2. Tier 2: Hemostasis & Immune Support

   • Platelet-Mimicking Particles

     • Polymer Microdiscs or Lipid Vesicles: Microfabrication methods to produce particles that bind to exposed collagen or activated platelets at injury sites.

     • Surface Engineering: Functionalizing surfaces with specific ligands (e.g., von Willebrand factor–binding domains) to ensure targeted adhesion.

   • Essential Coagulation Factors

     • Recombinant Fibrinogen & Factor VIII/IX: Produced via engineered cell lines with proper glycosylation patterns. Purification involves column chromatography and advanced proteomics to verify function.

   • Passive Immune Support (Immunoglobulins)

     • Yeast or Bacterial Expression Systems: Engineered to produce polyclonal or monoclonal antibodies that match typical human IgG patterns.

     • Cell-Free Protein Synthesis: Rapid, modular assembly of immunoglobulins without relying on full-time cell cultivation.

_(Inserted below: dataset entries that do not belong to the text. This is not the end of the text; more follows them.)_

(* Let $(X,d)$ be a metric space and $\Phi'_n,\Phi''_n:X\to X$, $n\in\mathbb{N}$, maps such that for constants $K>0$, $\theta<1$: $\mathrm{diam}(X)\le K$ and for all $n$ and $x_1,x_2\in X$, $d(\Phi'_n(x_1),\Phi'_n(x_2))\le\theta d(x_1,x_2)$ and $d(\Phi''_n(x_1),\Phi''_n(x_2))\le\theta d(x_1,x_2)$. Suppose there are constants $C>0$, $\kappa>0$ such that $d(\Phi'_n(x),\Phi''_n(x))\le C/n^\kappa$ for all $x\in X$ and $n\in\mathbb{N}$. Then there is a constant $\bar C$ such that for all $x',x''\in X$ and $n\in\mathbb{N}$, $$d\big(\Phi'_n\circ\cdots\circ\Phi'_1(x'),\ \Phi''_n\circ\cdots\circ\Phi''_1(x'')\big)\le\frac{\bar C}{n^\kappa}.$$ *)

From Stdlib Require Export Reals.
Open Scope R_scope.

Fixpoint comp_maps {X : Type} (Phi : nat -> X -> X) (n : nat) (x : X) : X :=
  match n with
  | O => x
  | S m => Phi (S m) (comp_maps Phi m x)
  end.

(* Write D n for the distance between the two n-fold compositions. The triangle
   inequality through Phi'_(n+1) applied to the second orbit and the contraction
   of Phi'_(n+1) give D (n+1) <= t D n + C/(n+1)^kappa with t = max(theta, 0) < 1.
   Since ((n+1)/n)^kappa tends to 1, it is at most 2/(1+t) from some N on, so the
   bound D n <= B/n^kappa propagates from n to n+1 once B >= C (1+t)/(1-t); below N
   the diameter bound K is absorbed by taking B >= K N^kappa. *)

From Stdlib Require Import Reals Lra Lia.
Open Scope R_scope.

Lemma Rpower_INR_pos (n : nat) (k : R) : 0 < Rpower (INR n) k.
Proof. apply exp_pos. Qed.

Lemma Rpower_exp (u k : R) : Rpower (exp u) k = exp (k * u).
Proof. unfold Rpower; now rewrite ln_exp. Qed.

Lemma Rpower_INR_succ_le (m : nat) (k : R) : (1 <= m)%nat -> 0 <= k ->
  Rpower (INR (S m)) k <= exp (k * / INR m) * Rpower (INR m) k.
Proof.
  intros Hm Hk.
  assert (Hm_pos : 0 < INR m) by (apply lt_0_INR; lia).
  assert (Hinv_pos : 0 < / INR m) by (apply Rinv_0_lt_compat; lra).
  replace (INR (S m)) with ((1 + / INR m) * INR m) by (rewrite S_INR; field; lra).
  rewrite <- Rpower_mult_distr by lra.
  apply Rmult_le_compat_r; [apply Rlt_le, Rpower_INR_pos|].
  rewrite <- Rpower_exp.
  apply Rle_Rpower_l; [exact Hk|].
  split; [lra | apply exp_ineq1_le].
Qed.

Lemma Rpower_INR_succ_ratio_eventually (q k : R) : 1 < q -> 0 <= k ->
  exists N : nat, (1 <= N)%nat /\
    forall m : nat, (N <= m)%nat -> Rpower (INR (S m)) k <= q * Rpower (INR m) k.
Proof.
  intros Hq Hk.
  assert (Hlnq : 0 < ln q) by (rewrite <- ln_1; apply ln_increasing; lra).
  destruct (archimed_cor1 (ln q / (k + 1))) as [N [HN HN_pos]].
  { apply Rdiv_lt_0_compat; lra. }
  exists N; split; [lia|].
  intros m Hm.
  assert (HN_R : 0 < INR N) by (apply lt_0_INR; lia).
  assert (Hinv_m : / INR m <= / INR N) by (apply Rinv_le_contravar; [lra | apply le_INR; lia]).
  assert (Hexponent : k * / INR m < ln q).
  { assert (HN' : (k + 1) * / INR N < ln q).
    { apply (Rmult_lt_compat_l (k + 1)) in HN; [|lra].
      replace ((k + 1) * (ln q / (k + 1))) with (ln q) in HN by (field; lra).
      exact HN. }
    assert (0 < / INR N) by (apply Rinv_0_lt_compat; lra).
    assert (k * / INR m <= k * / INR N) by (apply Rmult_le_compat_l; lra).
    nra. }
  apply Rle_trans with (1 := Rpower_INR_succ_le m k ltac:(lia) Hk).
  apply Rmult_le_compat_r; [apply Rlt_le, Rpower_INR_pos|].
  rewrite <- (exp_ln q) by lra.
  now apply Rlt_le, exp_increasing.
Qed.

Section ContractingRecurrence.

Variables t c k K : R.
Hypotheses (Ht0 : 0 <= t) (Ht1 : t < 1) (Hk : 0 <= k) (HK : 0 <= K).

Lemma recurrence_bound_succ (q B p p' d d' : R) :
  0 <= B -> 0 <= q -> 0 < p -> 0 < p' -> p' <= q * p -> t * q * B + c <= B ->
  d <= B / p -> d' <= t * d + c / p' -> d' <= B / p'.
Proof.
  intros HB Hq Hp Hp' Hpp' Htq Hd Hd'.
  apply (Rmult_le_reg_r p'); [exact Hp'|].
  replace (B / p' * p') with B by (field; lra).
  assert (Hdp : d * p <= B).
  { replace B with (B / p * p) by (field; lra). apply Rmult_le_compat_r; lra. }
  assert (Hrec : d' * p' <= t * (d * p') + c).
  { replace (t * (d * p') + c) with ((t * d + c / p') * p') by (field; lra).
    apply Rmult_le_compat_r; lra. }
  assert (Hshift : d * p' <= q * B).
  { destruct (Rle_or_lt 0 d) as [Hd0 | Hd0]; [|nra].
    apply Rle_trans with (d * (q * p)); [now apply Rmult_le_compat_l | nra]. }
  assert (t * (d * p') <= t * (q * B)) by (apply Rmult_le_compat_l; lra).
  lra.
Qed.

Lemma power_decay_of_contracting_recurrence :
  exists B : R, forall D : nat -> R,
    (forall n, (1 <= n)%nat -> D n <= K) ->
    (forall n, (1 <= n)%nat -> D (S n) <= t * D n + c / Rpower (INR (S n)) k) ->
    forall n, (1 <= n)%nat -> D n <= B / Rpower (INR n) k.
Proof.
  set (q := 2 / (1 + t)).
  assert (Hq : 1 < q) by (unfold q; apply (Rmult_lt_reg_r (1 + t)); field_simplify; lra).
  destruct (Rpower_INR_succ_ratio_eventually q k Hq Hk) as [N [HN1 Hratio]].
  set (B := Rmax (K * Rpower (INR N) k) (c * (1 + t) / (1 - t))).
  assert (HB_K : K * Rpower (INR N) k <= B) by apply Rmax_l.
  assert (HB0 : 0 <= B).
  { apply Rle_trans with (2 := HB_K), Rmult_le_pos; [lra | apply Rlt_le, Rpower_INR_pos]. }
  assert (Htq : t * q * B + c <= B).
  { assert (Hc_B : c * (1 + t) <= B * (1 - t)).
    { replace (c * (1 + t)) with (c * (1 + t) / (1 - t) * (1 - t)) by (field; lra).
      apply Rmult_le_compat_r; [lra | apply Rmax_r]. }
    apply (Rmult_le_reg_r (1 + t)); [lra|]; unfold q.
    replace ((t * (2 / (1 + t)) * B + c) * (1 + t)) with (2 * t * B + c * (1 + t))
      by (field; lra).
    lra. }
  exists B; intros D Hbound Hstep n Hn.
  induction n as [|n IH]; [lia|].
  assert (Hpow := Rpower_INR_pos (S n) k).
  destruct (Nat.le_gt_cases (S n) N) as [Hearly | Hlate].
  - assert (Rpower (INR (S n)) k <= Rpower (INR N) k).
    { apply Rle_Rpower_l; [exact Hk|]. split; [apply lt_0_INR | apply le_INR]; lia. }
    assert (D (S n) <= K) by (apply Hbound; lia).
    apply (Rmult_le_reg_r (Rpower (INR (S n)) k)); [exact Hpow|].
    replace (B / Rpower (INR (S n)) k * Rpower (INR (S n)) k) with B by (field; lra).
    destruct (Rle_or_lt 0 (D (S n))); nra.
  - apply (recurrence_bound_succ q B (Rpower (INR n) k) _ (D n)); try lra.
    + apply Rpower_INR_pos.
    + apply Hratio; lia.
    + apply IH; lia.
    + apply Hstep; lia.
Qed.

End ContractingRecurrence.

Lemma dist_comp_maps_succ (M : Metric_Space) (Phi1 Phi2 : nat -> Base M -> Base M)
  (theta : R) (n : nat) (x' x'' : Base M) :
  (forall y z : Base M, dist M (Phi1 (S n) y) (Phi1 (S n) z) <= theta * dist M y z) ->
  dist M (comp_maps Phi1 (S n) x') (comp_maps Phi2 (S n) x'')
  <= theta * dist M (comp_maps Phi1 n x') (comp_maps Phi2 n x'')
     + dist M (Phi1 (S n) (comp_maps Phi2 n x'')) (Phi2 (S n) (comp_maps Phi2 n x'')).
Proof.
  intros Hcontr; simpl.
  eapply Rle_trans; [apply dist_tri with (z := Phi1 (S n) (comp_maps Phi2 n x''))|].
  apply Rplus_le_compat_r, Hcontr.
Qed.

Theorem propositionC3 (M : Metric_Space)
  (Phi1 Phi2 : nat -> Base M -> Base M) (K theta C kappa : R) :
  0 < K -> theta < 1 ->
  (forall x y : Base M, dist M x y <= K) ->
  (forall (n : nat) (x1 x2 : Base M), (1 <= n)%nat ->
     dist M (Phi1 n x1) (Phi1 n x2) <= theta * dist M x1 x2) ->
  (forall (n : nat) (x1 x2 : Base M), (1 <= n)%nat ->
     dist M (Phi2 n x1) (Phi2 n x2) <= theta * dist M x1 x2) ->
  0 < C -> 0 < kappa ->
  (forall (n : nat) (x : Base M), (1 <= n)%nat ->
     dist M (Phi1 n x) (Phi2 n x) <= C / Rpower (INR n) kappa) ->
  exists Cbar : R, forall (x' x'' : Base M) (n : nat), (1 <= n)%nat ->
    dist M (comp_maps Phi1 n x') (comp_maps Phi2 n x'') <= Cbar / Rpower (INR n) kappa.
Proof.
  intros HK Htheta Hdiam Hcontr1 _ _ Hkappa Hclose.
  set (t := Rmax theta 0).
  assert (Ht1 : t < 1) by (apply Rmax_lub_lt; lra).
  destruct (power_decay_of_contracting_recurrence t C kappa K (Rmax_r _ _) Ht1
              (Rlt_le _ _ Hkappa) (Rlt_le _ _ HK)) as [B HB].
  exists B; intros x' x'' n Hn.
  apply (HB (fun m => dist M (comp_maps Phi1 m x') (comp_maps Phi2 m x''))); [|clear n Hn|exact Hn].
  - intros m _; apply Hdiam.
  - intros m Hm.
    eapply Rle_trans; [apply (dist_comp_maps_succ M Phi1 Phi2 theta); intros; apply Hcontr1; lia|].
    apply Rplus_le_compat; [|apply Hclose; lia].
    apply Rmult_le_compat_r; [apply Rge_le, dist_pos | apply Rmax_l].
Qed.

3. Tier 3: Advanced Bioreactivity & Nutrient Delivery

   • Complement Proteins & Cytokines

     • Synthetic Biology & Glycoengineering: CHO or HEK293 cell lines (or cell-free systems) that can add the post-translational modifications necessary for functional complement complexes (e.g., C3, C5, Factor B).

     • Nanoparticle Conjugation: Protecting fragile proteins during storage and transit by encapsulating them in biodegradable carriers.

   • Nutrient Carriers & Waste Buffering

     • Enzyme-Loaded Nanoreactors: Microcapsules containing enzymes (e.g., urease, lactate oxidase) to break down metabolic byproducts, mimicking kidney or liver functions.

     • Smart Hydrogel Particles: pH-responsive materials that release glucose or other nutrients when sensors detect a drop in local blood sugar.

   • Real-Time Sensing & Feedback

     • Microelectronic Biosensors: Integrated into fluid delivery systems to measure lactate, pH, partial pressures of O₂/CO₂, and dynamically adjust composition.

4. Tier 4: Functional Cellular Components

   • Engineered Immune Cells

     • Bioreactor Cultures of WBCs (e.g., Neutrophils, Lymphocytes): Requires breakthroughs in stem cell technology and ex vivo differentiation protocols; potentially leverages 3D-printed biostructures for improved viability.

     • Cell-Free Immune Mimics: Nanoparticles with surface-bound pattern recognition receptors to neutralize pathogens—an extension of Tier 3’s advanced bioreactivity.

   • Continuous Platelet “Factories”

     • Megakaryocyte Cultures: Bioreactors that generate functional platelets in vitro, requiring microfluidic “shear” environments to induce platelet shedding.

   • Hormonal Integration

     • Recombinant Hormones (EPO, Insulin, etc.): On-demand biosynthesis tied to sensor feedback loops, ensuring hormone release mirrors physiologic needs.

This roadmap underscores the multi-layered technologies required—from synthetic biology and nanotechnology to advanced cell-free protein expression and biosensor integration—to systematically build and refine synthetic blood. While companies like Hemarina and Haima Therapeutics offer promising niche solutions, creating a universal product that unites oxygen transport, immune defense, coagulation, and metabolic homeostasis demands collaboration across bioengineering, chemistry, and systems biology.